Capitalism served to give new life to the dormant forces of feudalism. Whatever could not be reawakened was unscrupulously destroyed.
The Jews’ international connections, their past financial and commercial experience, their undiminished respect for learning the sciences, the arts, philosophy, etc., made them an element that, though not utilized to the fullest during the decline of feudalism, was of inestimable value to the full development of a capitalist economy. They supplied more than their normal share of philosophers, bankers, revolutionaries, scientists and writers. The Jews, as I outlined before, were ideally adapted to the growing needs of capitalism.

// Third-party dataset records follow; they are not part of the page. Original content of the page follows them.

(* Let $N=N_n\to\infty$ and $m=m_n\to\infty$ be sequences of positive integers, and let $\delta_n,\varepsilon_n$ be positive sequences converging to $0$ with $\varepsilon_n=o(\delta_n)$. For every $n$ there is a coupling of $M'=M'_n\overset{d}{=}M(\lfloor N(1+\varepsilon_n)\rfloor,m)$ and $M=M_n\overset{d}{=}M(N,m)$ such that $M\le M'$ almost surely and $\mathbb P(M'-\delta_n\mathbb E\,M'\le M)\to1$. If, additionally, $\mathbb P(M'>\delta_n^{-1})\to0$, then $\mathbb P(M=M')\to1$.
   Context: $M(N,m)$ is the maximum number of balls in a bin after $N$ balls are thrown independently and uniformly at random into $m$ bins. *)

From mathcomp Require Import all_boot.
From Stdlib Require Import Reals ZArith.

Set Implicit Arguments.
Unset Strict Implicit.
Unset Printing Implicit Defensive.

Definition maxload (N m : nat) (f : {ffun 'I_N -> 'I_m}) : nat :=
  (\max_(j < m) #|[set i | f i == j]|)%N.

Definition count_maxload (N m k : nat) : nat :=
  #|[set f : {ffun 'I_N -> 'I_m} | maxload f == k]|.

Local Open Scope R_scope.

(* Law of M(N,m): P(M(N,m) = k), balls thrown independently and uniformly,
   i.e. the assignment is uniform over the m^N functions 'I_N -> 'I_m. *)
Definition law_M (N m k : nat) : R :=
  INR (count_maxload N m k) / INR (expn m N).

(* floor(x) for x >= 0, as a natural number *)
Definition nfloor (x : R) : nat := Z.to_nat (Int_part x).

(* p : nat -> nat -> R is the joint pmf of a pair (M', M) of nat-valued random
   variables, supported in [0..K]x[0..K], with marginal laws mu (of M') and nu (of M). *)
Definition is_coupling (K : nat) (p : nat -> nat -> R) (mu nu : nat -> R) : Prop :=
  (forall a b, 0 <= p a b) /\
  (forall a b, (K < a)%nat \/ (K < b)%nat -> p a b = 0) /\
  (forall a, (a <= K)%nat -> sum_f_R0 (fun b => p a b) K = mu a) /\
  (forall b, (b <= K)%nat -> sum_f_R0 (fun a => p a b) K = nu b).

Definition probJ (K : nat) (p : nat -> nat -> R) (E : nat -> nat -> bool) : R :=
  sum_f_R0 (fun a => sum_f_R0 (fun b => if E a b then p a b else 0) K) K.

Definition mean_M (N m : nat) : R :=
  sum_f_R0 (fun a => INR a * law_M N m a) N.

Definition tail_M (N m : nat) (t : R) : R :=
  sum_f_R0 (fun a => if Rlt_dec t (INR a) then law_M N m a else 0) N.

Definition Rle_b (x y : R) : bool := if Rle_dec x y then true else false.

Definition tends_to_infty (u : nat -> nat) : Prop :=
  forall B : nat, exists n0 : nat, forall n, (n0 <= n)%nat -> (B <= u n)%nat.

From mathcomp Require Import all_boot.
From Stdlib Require Import Reals.
From Stdlib Require Import Lra Lia ZArith.
From mathcomp Require Import zify.

Set Implicit Arguments.
Unset Strict Implicit.
Unset Printing Implicit Defensive.
Local Open Scope R_scope.

(* The coupling throws K = N' >= N balls uniformly into m bins and lets
   M' be the maximum load of all K balls and M the maximum load of the first
   N of them.  Restricting a uniform map 'I_K -> 'I_m to the first N balls
   gives a uniform map 'I_N -> 'I_m, so M has the law of M(N,m), and M <= M'.
   The heart of the argument is a deletion inequality: for every truncation
   level T, the ratio E[min(M(n,m),T)] / n is nonincreasing in n, because
   deleting a random ball from a fullest bin can only lower its load by one.
   Comparing n = N and n = K gives
     E[min(M',T)] - E[min(M,T)] <= eps * E[min(M',T)].
   With T = K, Markov's inequality bounds P(M < M' - delta E M') by eps/delta;
   with T = floor(1/delta), P(M <> M') <= P(M' > 1/delta) + eps/delta. *)

Section Counting.
Local Open Scope nat_scope.

Lemma card_setE (T : finType) (P : pred T) : #|[set x | P x]| = \sum_x (P x : nat).
Proof. by rewrite -sum1dep_card big_mkcond; apply: eq_bigr => x _; case: (P x). Qed.

(* Restriction along an injection s : A -> B pushes the uniform law on maps
   B -> C forward to the uniform law on maps A -> C: every fiber has the
   same size |C|^(|B|-|A|). *)
Section Restriction.
Variables (A B C : finType) (s : A -> B).
Hypothesis s_inj : injective s.

Definition resF (f : {ffun B -> C}) : {ffun A -> C} := [ffun a => f (s a)].

Lemma card_resF_fiber (g : {ffun A -> C}) :
  #|[set f : {ffun B -> C} | resF f == g]| = expn #|C| (#|B| - #|A|).
Proof.
pose F b := if [pick a | s a == b] is Some a then pred1 (g a) else predT.
have -> : [set f : {ffun B -> C} | resF f == g] = [set f in finfun.family F].
  apply/setP => f; rewrite !inE; apply/eqP/familyP => [resf b | Ff].
    by rewrite /F; case: pickP => [a /eqP <-|_] //=; rewrite inE -resf ffunE.
  apply/ffunP => a; rewrite ffunE; have := Ff (s a); rewrite /F.
  by case: pickP => [a' /eqP /s_inj -> /eqP //|/(_ a)]; rewrite eqxx.
have card_F b : #|F b| = if b \in codom s then 1 else #|C|.
  rewrite /F; case: pickP => [a /eqP <-|no_pre]; first by rewrite codom_f card1.
  suff /negbTE -> : b \notin codom s by apply: eq_card.
  by apply/codomP => -[a def_b]; have := no_pre a; rewrite def_b eqxx.
rewrite cardsE card_family foldrE big_map big_enum /= (eq_bigr _ (fun b _ => card_F b)).
rewrite (bigID (mem (codom s))) /= big1 => [|b -> //]; rewrite mul1n.
rewrite (eq_bigr (fun _ => #|C|)) => [|b /negbTE -> //]; rewrite prod_nat_const.
by rewrite -(cardC (mem (codom s))) card_codom // addKn; congr expn; exact: eq_card.
Qed.

Lemma sum_resF (h : {ffun A -> C} -> nat) :
  \sum_(f : {ffun B -> C}) h (resF f) = expn #|C| (#|B| - #|A|) * \sum_g h g.
Proof.
rewrite (partition_big resF xpredT) //= big_distrr /=; apply: eq_bigr => g _.
rewrite (eq_bigr (fun _ => h g)) => [|f /eqP -> //].
by rewrite sum_nat_cond_const card_resF_fiber mulnC.
Qed.
End Restriction.

Definition load N m (f : {ffun 'I_N -> 'I_m}) (j : 'I_m) : nat := #|[set i | f i == j]|.

Lemma load_le_maxload N m (f : {ffun 'I_N -> 'I_m}) j : load f j <= maxload f.
Proof. exact: leq_bigmax. Qed.

Lemma maxload_le N m (f : {ffun 'I_N -> 'I_m}) : maxload f <= N.
Proof. by apply/bigmax_leqP => j _; rewrite -[X in _ <= X]card_ord max_card. Qed.

Lemma fullest_bin N m (f : {ffun 'I_N -> 'I_m}) : 0 < m -> exists j, maxload f = load f j.
Proof.
move=> m_gt0; have card_gt0 : 0 < #|'I_m| by rewrite card_ord.
by have [j max_j] := eq_bigmax (load f) card_gt0; exists j.
Qed.

Lemma maxload_resF N K m (s : 'I_N -> 'I_K) (f : {ffun 'I_K -> 'I_m}) :
  injective s -> maxload (resF s f) <= maxload f.
Proof.
move=> s_inj; apply/bigmax_leqP => j _; apply: leq_trans (load_le_maxload f j).
rewrite -(card_imset _ s_inj); apply: subset_leq_card.
by apply/subsetP => b /imsetP [a]; rewrite !inE ffunE => fsa ->.
Qed.

Lemma load_delete n m (f : {ffun 'I_n.+1 -> 'I_m}) i j :
  load (resF (lift i) f) j + (f i == j) = load f j.
Proof.
rewrite /load !card_setE (bigD1_ord i (P := xpredT)) //= addnC; congr (_ + _).
by apply: eq_bigr => k _; rewrite ffunE.
Qed.

(* m^n * E[min(M(n,m), T)]. *)
Definition trunc_total m T n : nat := \sum_(g : {ffun 'I_n -> 'I_m}) minn (maxload g) T.

Lemma deletion_pointwise n m T (f : {ffun 'I_n.+1 -> 'I_m}) : 0 < m ->
  n * minn (maxload f) T <= \sum_(i < n.+1) minn (maxload (resF (lift i) f)) T.
Proof.
move=> m_gt0; have [j fullest] := fullest_bin f m_gt0.
have delete_lb i : maxload f <= maxload (resF (lift i) f) + (f i == j).
  by rewrite fullest -(load_delete f i) leq_add2r load_le_maxload.
have [LleT | TltL] := leqP (maxload f) T.
  have sum_ind : \sum_(i < n.+1) (f i == j : nat) = maxload f.
    by rewrite fullest /load card_setE.
  have : \sum_(i < n.+1) maxload f <=
         \sum_(i < n.+1) (minn (maxload (resF (lift i) f)) T + (f i == j)).
    by apply: leq_sum => i _; move: (delete_lb i); case: (f i == j) => /=; lia.
  by rewrite big_split sum_nat_const card_ord sum_ind mulSnr leq_add2r.
apply: leq_trans (_ : \sum_(i < n.+1) T <= _).
  by rewrite sum_nat_const card_ord leq_mul2r leqnSn orbT.
apply: leq_sum => i _; move: (delete_lb i); case: (f i == j) => /=; lia.
Qed.

Lemma deletion_step n m T : 0 < m -> n * trunc_total m T n.+1 <= n.+1 * m * trunc_total m T n.
Proof.
move=> m_gt0; rewrite /trunc_total big_distrr /=.
apply: (@leq_trans (\sum_(f : {ffun 'I_n.+1 -> 'I_m})
                     \sum_(i < n.+1) minn (maxload (resF (lift i) f)) T)).
  by apply: leq_sum => f _; apply: deletion_pointwise.
rewrite exchange_big /= (eq_bigr (fun i => m * trunc_total m T n)).
  by rewrite sum_nat_const card_ord mulnA.
move=> i _; rewrite (sum_resF (@lift_inj _ i) (fun g => minn (maxload g) T)).
by rewrite !card_ord subSnn expn1.
Qed.
(* Let $C$ be a complete structured DNNF and $g$ a $\cup$-gate of $C$. The following procedure $\mathrm{Enum}(g)$ enumerates $S(g)$ (possibly with duplicates) with delay $O(\mathrm{depth}(C)\times|S|)$, where $S$ is the produced assignment: traverse, by a naive preorder traversal following wires backwards from $g$ through $\cup$-gates only, the gates $g'\in\downarrow g$ (each $g'$ possibly reached once per path); for each such $g'$, if $g'$ is a var-gate output $S_{\mathrm{var}}(g')$, and if $g'$ is a $\times$-gate with left input $g_L$ and right input $g_R$, then for each $S_L$ output by $\mathrm{Enum}(g_L)$ and each $S_R$ output by $\mathrm{Enum}(g_R)$ (nested, with recursive enumerations run lazily, resuming only when the next value is requested) output $S_L\cup S_R$.
   Context: A set circuit $C=(G,W,\mu)$ is a finite DAG with gates $G$, wires $W\subseteq G\times G$, gate types $\mu(g)\in\{\top,\bot,\mathrm{var},\times,\cup\}$, and an injective map $S_{\mathrm{var}}$ giving each var-gate a set of variables; $C_{\mathrm{var}}$ is the union of all $S_{\mathrm{var}}(g)$. Inputs of $g$ are the $g'$ with $(g',g)\in W$; $\top,\bot,\mathrm{var}$-gates have no inputs, $\times$-gates exactly two, $\cup$-gates at least one, and $\top,\bot$-gates are never inputs. Captured sets: $S(g)=\{S_{\mathrm{var}}(g)\}$ for var-gates, $\emptyset$ for $\bot$, $\{\emptyset\}$ for $\top$, $\{S_1\cup S_2\mid S_1\in S(g_1),S_2\in S(g_2)\}$ for a $\times$-gate with inputs $g_1,g_2$, the union over inputs for $\cup$-gates. Depth is the maximal length of a directed path. For a $\cup$-gate $g$, write $g'\overset{\cup}{\leadsto}g$ if there is a directed path of wires from $g'$ to $g$ all of whose gates other than $g'$ are $\cup$-gates, and $\downarrow g$ is the set of var- and $\times$-gates $g'$ with $g'\overset{\cup}{\leadsto}g$. A v-tree for $C$ is a binary tree whose leaves are labeled by sets of variables partitioning $C_{\mathrm{var}}$; a structuring function $\sigma$ maps gates to v-tree nodes so that each var-gate $g$ goes to a leaf whose label contains $S_{\mathrm{var}}(g)$, for each wire $(g',g)$ either $\sigma(g')=\sigma(g)$ or $g'$ is a $\cup$-gate with $\sigma(g')$ a child of $\sigma(g)$, and each $\times$-gate $g$ has a left input mapped to the left child and a right input mapped to the right child of $\sigma(g)$. A complete structured DNNF is a set circuit with a v-tree and structuring function. Delay is the maximal time before the first output, between consecutive outputs, and after the last. *)

From HB Require Import structures.
From mathcomp Require Import all_boot.
Set Implicit Arguments. Unset Strict Implicit. Unset Printing Implicit Defensive.
Lemma unit_circle_not_collinear a1 a2 b1 b2 :
  a1 ^ 2 + a2 ^ 2 = 1 -> b1 ^ 2 + b2 ^ 2 = 1 ->
  (a1, a2) <> (1, 0) -> (b1, b2) <> (1, 0) -> (a1, a2) <> (b1, b2) ->
  (a1 - 1) * b2 - a2 * (b1 - 1) <> 0.
Proof.
  intros Ha Hb Ha0 Hb0 Hab Hdet.
  set (u1 := a1 - 1) in Hdet; set (u2 := a2) in Hdet; set (v1 := b1 - 1) in Hdet;
  set (v2 := b2) in Hdet.
  assert (Hu : 2 * u1 + (u1 ^ 2 + u2 ^ 2) = 0) by (unfold u1, u2; nra).
  assert (Hv : 2 * v1 + (v1 ^ 2 + v2 ^ 2) = 0) by (unfold v1, v2; nra).
  assert (Hun : u1 ^ 2 + u2 ^ 2 <> 0).
  { intro H0; assert (u1 = 0) by nra; assert (u2 = 0) by nra.
    apply Ha0; unfold u1, u2 in *; f_equal; lra. }
  (* [v = mu u] by collinearity, and both ends on the circle force [mu = mu^2]. *)
  set (mu := (u1 * v1 + u2 * v2) / (u1 ^ 2 + u2 ^ 2)).
  assert (Hv1 : v1 = mu * u1).
  { unfold mu; apply Rmult_eq_reg_r with (u1 ^ 2 + u2 ^ 2); auto.
    field_simplify; auto.
    replace (v1 * u1 ^ 2 + v1 * u2 ^ 2) with (u1 * v1 * u1 + u2 * v2 * u1 - u2 * (u1 * v2 - u2 * v1))
      by ring; rewrite Hdet; ring. }
  assert (Hv2 : v2 = mu * u2).
  { unfold mu; apply Rmult_eq_reg_r with (u1 ^ 2 + u2 ^ 2); auto.
    field_simplify; auto.
    replace (v2 * u1 ^ 2 + v2 * u2 ^ 2) with (u1 * v1 * u2 + u2 * v2 * u2 + u1 * (u1 * v2 - u2 * v1))
      by ring; rewrite Hdet; ring. }
  rewrite Hv1, Hv2 in Hv.
  assert (Hmu : mu * (mu - 1) = 0).
  { apply Rmult_eq_reg_r with (u1 ^ 2 + u2 ^ 2); auto; nra. }
  destruct (Rmult_integral _ _ Hmu) as [Hm0 | Hm1].
  - apply Hb0; rewrite Hm0 in Hv1, Hv2; unfold v1, v2 in *; f_equal; lra.
  - apply Hab; replace mu with 1 in Hv1, Hv2 by lra; unfold u1, u2, v1, v2 in *; f_equal; lra.
Qed.

Lemma circle_bounded (Phi a b c S T : R) : Phi <> 0 -> 0 <= S ->
  Phi * (S ^ 2 + T ^ 2) = a * S + b * T + c ->
  S <= 2 * ((Rabs a + Rabs b + Rabs c) / Rabs Phi) + 1 /\
  Rabs T <= 2 * ((Rabs a + Rabs b + Rabs c) / Rabs Phi) + 1.
Proof.
  intros HPhi HS Heq.
  set (K := (Rabs a + Rabs b + Rabs c) / Rabs Phi).
  assert (HPhi' : 0 < Rabs Phi) by (apply Rabs_pos_lt; exact HPhi).
  pose proof (Rabs_pos a); pose proof (Rabs_pos b); pose proof (Rabs_pos c); pose proof (Rabs_pos T).
  assert (HK : 0 <= K) by (apply Rdiv_le_0_compat; lra).
  assert (Hsq : S ^ 2 + Rabs T ^ 2 <= K * (1 + S + Rabs T)).
  { assert (Hlhs : Rabs Phi * (S ^ 2 + Rabs T ^ 2) = Rabs (a * S + b * T + c)).
    { rewrite <- Heq, Rabs_mult, pow2_abs, (Rabs_right (S ^ 2 + T ^ 2)) by nra; reflexivity. }
    assert (Htri : Rabs (a * S + b * T + c) <= Rabs a * S + Rabs b * Rabs T + Rabs c).
    { rewrite <- (Rabs_right S) at 2 by lra; rewrite <- !Rabs_mult.
      pose proof (Rabs_triang (a * S + b * T) c); pose proof (Rabs_triang (a * S) (b * T)); lra. }
    unfold K; apply Rmult_le_reg_l with (Rabs Phi); [exact HPhi' |].
    replace (Rabs Phi * ((Rabs a + Rabs b + Rabs c) / Rabs Phi * (1 + S + Rabs T)))
      with ((Rabs a + Rabs b + Rabs c) * (1 + S + Rabs T)) by (field; lra).
    nra. }
  (* If the larger of [S] and [|T|] exceeded [2 K + 1], its square would exceed
     [K (1 + S + |T|)]. *)
  split; apply Rnot_lt_le; intro Hbig.
  - assert (0 < (S - K / 2 - K - 1) * (S - K / 2 + K + 1)) by (apply Rmult_lt_0_compat; lra).
    destruct (Rle_lt_dec (Rabs T) S); nra.
  - assert (0 < (Rabs T - K / 2 - K - 1) * (Rabs T - K / 2 + K + 1))
      by (apply Rmult_lt_0_compat; lra).
    destruct (Rle_lt_dec S (Rabs T)); nra.
Qed.
(* Let $G=(V,E)$ be a graph with maximum degree $\Delta\ge 1$, let $I_i\subseteq V$ be an independent set, let $A_i = V\setminus \hat\Gamma(I_i)$, and write $\deg_i,\Gamma_i,\hat\Gamma_i$ for degree, neighborhood and closed neighborhood in the induced subgraph $G(A_i)$. Perform one stage: each $v\in A_i$ independently selects itself with probability $\frac{1}{\Delta+1}$, and $I_{i+1} = I_i\cup\{v\in A_i : v \text{ is the only vertex of } \hat\Gamma_i(v) \text{ that selected itself}\}$; let $A_{i+1}=V\setminus\hat\Gamma(I_{i+1})$. Let $S\subseteq A_i$ be such that $\operatorname{dist}_G(u,u')\ge 5$ for all distinct $u,u'\in S$ and $\deg_i(u)\ge \Delta/2$ for all $u\in S$. Then $\Pr[S\subseteq A_{i+1}] \le p^{|S|}$, where $p = 1-(1-e^{-1/2})e^{-1}\approx 0.85$.
   Context: For $U\subseteq V$, $\hat\Gamma(U)$ denotes $U$ together with all neighbors of vertices in $U$; for a vertex $v$, $\hat\Gamma(v)=\Gamma(v)\cup\{v\}$. $\operatorname{dist}_G$ is shortest-path distance in $G$. $G(U)$ denotes the subgraph induced by $U$. *)

From mathcomp Require Import all_boot.
From Stdlib Require Import Reals.
Set Implicit Arguments. Unset Strict Implicit. Unset Printing Implicit Defensive.

Section Graph.
Variable T : finType.
Variable e : rel T.

Definition simple_graph : Prop := symmetric e /\ irreflexive e.

Definition nbhd (v : T) : {set T} := [set u | e v u].
Definition deg (v : T) : nat := #|nbhd v|.
Definition maxdeg : nat := \max_(v : T) deg v.

Definition cnbhd (U : {set T}) : {set T} :=
  [set v | (v \in U) || [exists u in U, e u v]].

Definition independent (I : {set T}) : Prop :=
  forall u v, u \in I -> v \in I -> ~~ e u v.

Definition deg_in (A : {set T}) (v : T) : nat := #|[set u in A | e v u]|.

Fixpoint ball (k : nat) (u : T) : {set T} :=
  match k with
  | 0 => [set u]
  | k'.+1 => cnbhd (ball k' u)
  end.

(* dist_G(u,u') >= d  (d >= 1); infinite distance allowed *)
Definition dist_ge (d : nat) (u u' : T) : Prop := u' \notin ball d.-1 u.

Definition avail (I : {set T}) : {set T} := ~: cnbhd I.

(* one stage, given the set X ⊆ A_i of vertices that selected themselves:
   v ∈ A_i joins if v ∈ X and no vertex of Γ_i(v) (neighbours inside A_i) is in X *)
Definition next_indep (I X : {set T}) : {set T} :=
  I :|: [set v in avail I | (v \in X) &&
                            [forall u in avail I, e v u ==> (u \notin X)]].

(* probability (product measure, each v ∈ A selects w.p. q) of the event P *)
Definition prob_sel (A : {set T}) (q : R) (P : {set T} -> bool) : R :=
  \big[Rplus/0%R]_(X : {set T} | (X \subset A) && P X)
     (q ^ #|X| * (1 - q) ^ (#|A| - #|X|))%R.

End Graph.

Definition p_const : R := (1 - (1 - exp (- / 2)) * exp (-1))%R.

(* One stage of the randomized independent-set process: a vertex u of the
   available set A = V \ Γ̂(I) survives the stage (stays available) iff no
   vertex of its closed neighbourhood joins I, where w joins iff w selected
   itself and none of its neighbours did.

   Proof plan.
   1. Elementary theory of the product measure [prob_sel A q]: splitting off
      one coordinate, monotonicity, complements, the probability of avoiding a
      set, and independence of events depending on disjoint sets of
      coordinates; hence the probability that all of a family of events with
      pairwise disjoint supports hold is at most the product of the bounds.
   2. Survival of u is determined by the selections in the ball of radius 2
      around u; vertices at distance >= 5 have disjoint such balls.
   3. A single vertex u with deg_A(u) >= Δ/2 is removed with probability at
      least (1 - (1-q)^(deg_A(u)+1)) (1-q)^Δ (condition on the first vertex
      of Γ̂_A(u) that selects itself), and a real-analysis estimate bounds this
      from below by (1 - e^(-1/2)) e^(-1), with q = 1/(Δ+1).
   The theorem is then the product bound of 1 applied to the survival events,
   using 2 for independence and 3 for the individual bounds. *)

From HB Require Import structures.
From mathcomp Require Import all_boot.
From Stdlib Require Import Reals Lra.

Set Implicit Arguments.
Unset Strict Implicit.
Unset Printing Implicit Defensive.

(* Real addition as a commutative monoid, so that the generic [bigop]
   lemmas apply to the sums defining [prob_sel]. *)
HB.instance Definition _ := Monoid.isComLaw.Build R 0%R Rplus
  (fun a b c => esym (Rplus_assoc a b c)) Rplus_comm Rplus_0_l.

Lemma big_Rmult_distrl (I : Type) (r : seq I) (P : pred I) (c : R) (F : I -> R) :
  \big[Rplus/0%R]_(i <- r | P i) (c * F i)%R =
  (c * \big[Rplus/0%R]_(i <- r | P i) F i)%R.
Proof.
apply: (big_rec2 (fun x y => x = c * y)%R); first by rewrite Rmult_0_r.
by move=> i x y _ ->; rewrite Rmult_plus_distr_l.
Qed.

Lemma big_Rplus_ge0 (I : Type) (r : seq I) (P : pred I) (F : I -> R) :
  (forall i, P i -> 0 <= F i)%R -> (0 <= \big[Rplus/0%R]_(i <- r | P i) F i)%R.
Proof.
move=> F_ge0; apply: (big_rec (fun x => 0 <= x)%R); first lra.
by move=> i x /F_ge0; lra.
Qed.

Lemma set_ind_U1 (T : finType) (Pr : {set T} -> Prop) :
  Pr set0 -> (forall (a : T) (A : {set T}), a \notin A -> Pr A -> Pr (a |: A)) ->
  forall A, Pr A.
Proof.
move=> Pr0 PrU1 A; move: {2}#|A| (erefl #|A|) => n.
elim: n A => [|n IH] A cardA.
  by move/eqP: cardA; rewrite cards_eq0 => /eqP ->.
have [A0|[a aA]] := set_0Vmem A; first by rewrite A0 cards0 in cardA.
rewrite -(setD1K aA); apply: PrU1; first by rewrite setD11.
by apply: IH; move: cardA; rewrite (cardsD1 a A) aA add1n => -[].
Qed.

Lemma subsetU1_notin (T : finType) (A X : {set T}) (a : T) :
  a \notin X -> (X \subset a |: A) = (X \subset A).
Proof.
move=> aX; apply/idP/idP => [/subsetP XaA|XA]; last exact: subset_trans XA (subsetU1 _ _).
apply/subsetP => x xX; have := XaA x xX; rewrite in_setU1.
by case/orP=> // /eqP ex; rewrite -ex xX in aX.
Qed.

Lemma forall_in_U1 (T : finType) (u : T) (S : {set T}) (P : pred T) :
  [forall x in u |: S, P x] = P u && [forall x in S, P x].
Proof.
apply/forallP/andP => [H|[Pu /forallP H] x].
  split; first by have := H u; rewrite setU11.
  by apply/forallP => x; apply/implyP => xS; have := H x; rewrite in_setU1 xS orbT.
by apply/implyP; rewrite in_setU1 => /orP[/eqP ->|xS] //; apply: (implyP (H x)).
Qed.

Section ProductMeasure.

Variables (T : finType) (q : R).

Local Notation mu A P := (prob_sel A q P).

Definition depends_on (D : {set T}) (P : {set T} -> bool) : Prop :=
  forall X : {set T}, P X = P (X :&: D).

Lemma prob_sel_set0 (P : {set T} -> bool) :
  mu set0 P = (if P set0 then 1 else 0)%R.
Proof.
rewrite /prob_sel; case P0: (P set0).
  rewrite (eq_bigl (pred1 set0)) ?big_pred1_eq ?cards0 /=; first ring.
  by move=> X /=; rewrite subset0; case: eqP => // ->; rewrite P0.
rewrite (eq_bigl pred0) ?big_pred0_eq // => X /=.
by rewrite subset0; case: eqP => // ->; rewrite P0.
Qed.

Lemma prob_sel_U1 (A : {set T}) (a : T) (P : {set T} -> bool) :
  a \notin A ->
  mu (a |: A) P = (q * mu A (fun X => P (a |: X)) + (1 - q) * mu A P)%R.
Proof.
move=> aA; rewrite /prob_sel (bigID (fun X : {set T} => a \in X)) /=.
have cardaA : #|a |: A| = #|A|.+1 by rewrite cardsU1 aA.
congr (_ + _)%R; rewrite -big_Rmult_distrl.
- rewrite (reindex_onto (fun Y => a |: Y) (fun X => X :\ a)) /=; last first.
    by move=> X /andP[_ aX]; rewrite setD1K.
  apply: eq_big => [X|X /andP[/andP[/andP[_ _] _] /eqP eX]].
    rewrite setU11 andbT; case XA: (X \subset A).
      have aX : a \notin X by apply: contra aA; apply: (subsetP XA).
      by rewrite setU1K // eqxx andbT setUS.
    case: eqP => [eX|]; last by rewrite andbF.
    have aX : a \notin X by rewrite -eX setD11.
    by rewrite subUset sub1set setU11 /= subsetU1_notin // XA.
  have aX : a \notin X by rewrite -eX setD11.
  rewrite cardsU1 aX add1n cardaA subSS /=; ring.
- apply: eq_big => [X|X /andP[/andP[XA _] aX]].
    case aX: (a \in X); rewrite ?andbF ?andbT //=.
      by case XA: (X \subset A) => //; rewrite (subsetP XA _ aX) in aA.
    by rewrite subsetU1_notin ?aX.
  rewrite subsetU1_notin // in XA.
  rewrite cardaA subSn ?subset_leq_card //=; ring.
Qed.

Lemma prob_sel_ext (A : {set T}) (P Q : {set T} -> bool) :
  (forall X : {set T}, X \subset A -> P X = Q X) -> mu A P = mu A Q.
Proof.
move=> PQ; apply: eq_bigl => X.
by case XA: (X \subset A) => //=; apply: PQ.
Qed.

Lemma prob_sel_false (A : {set T}) : mu A (fun _ => false) = 0%R.
Proof. by rewrite /prob_sel (eq_bigl pred0) ?big_pred0_eq // => X; rewrite andbF. Qed.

Yet there existed a peculiar paradox between the Jewish group and the Jewish individual. The Jews as a group still formed a segregated unit, segregated not only by the sinister powers of the Dark Ages, but also by following practices of worship that served merely to strengthen and perpetuate this distinction. This doubly reinforced segregation, influenced by environment and tradition, is what kept the Jewish group together and what explains the miracle of its survival. What contrast and bitter conflict between the group and the individual, between the general and the specific!
It is this observation that caused Marx to solve the dialectical conflict by the assertion that:
The Jew has emancipated himself in Jewish fashion, not only by taking to himself financial power, but by virtue of the fact that with and without his cooperation, money has become a world power, and the practical Jewish spirit has become the practical spirit of Christian nations. The Jews have emancipated themselves in so far as Christians have become Jews.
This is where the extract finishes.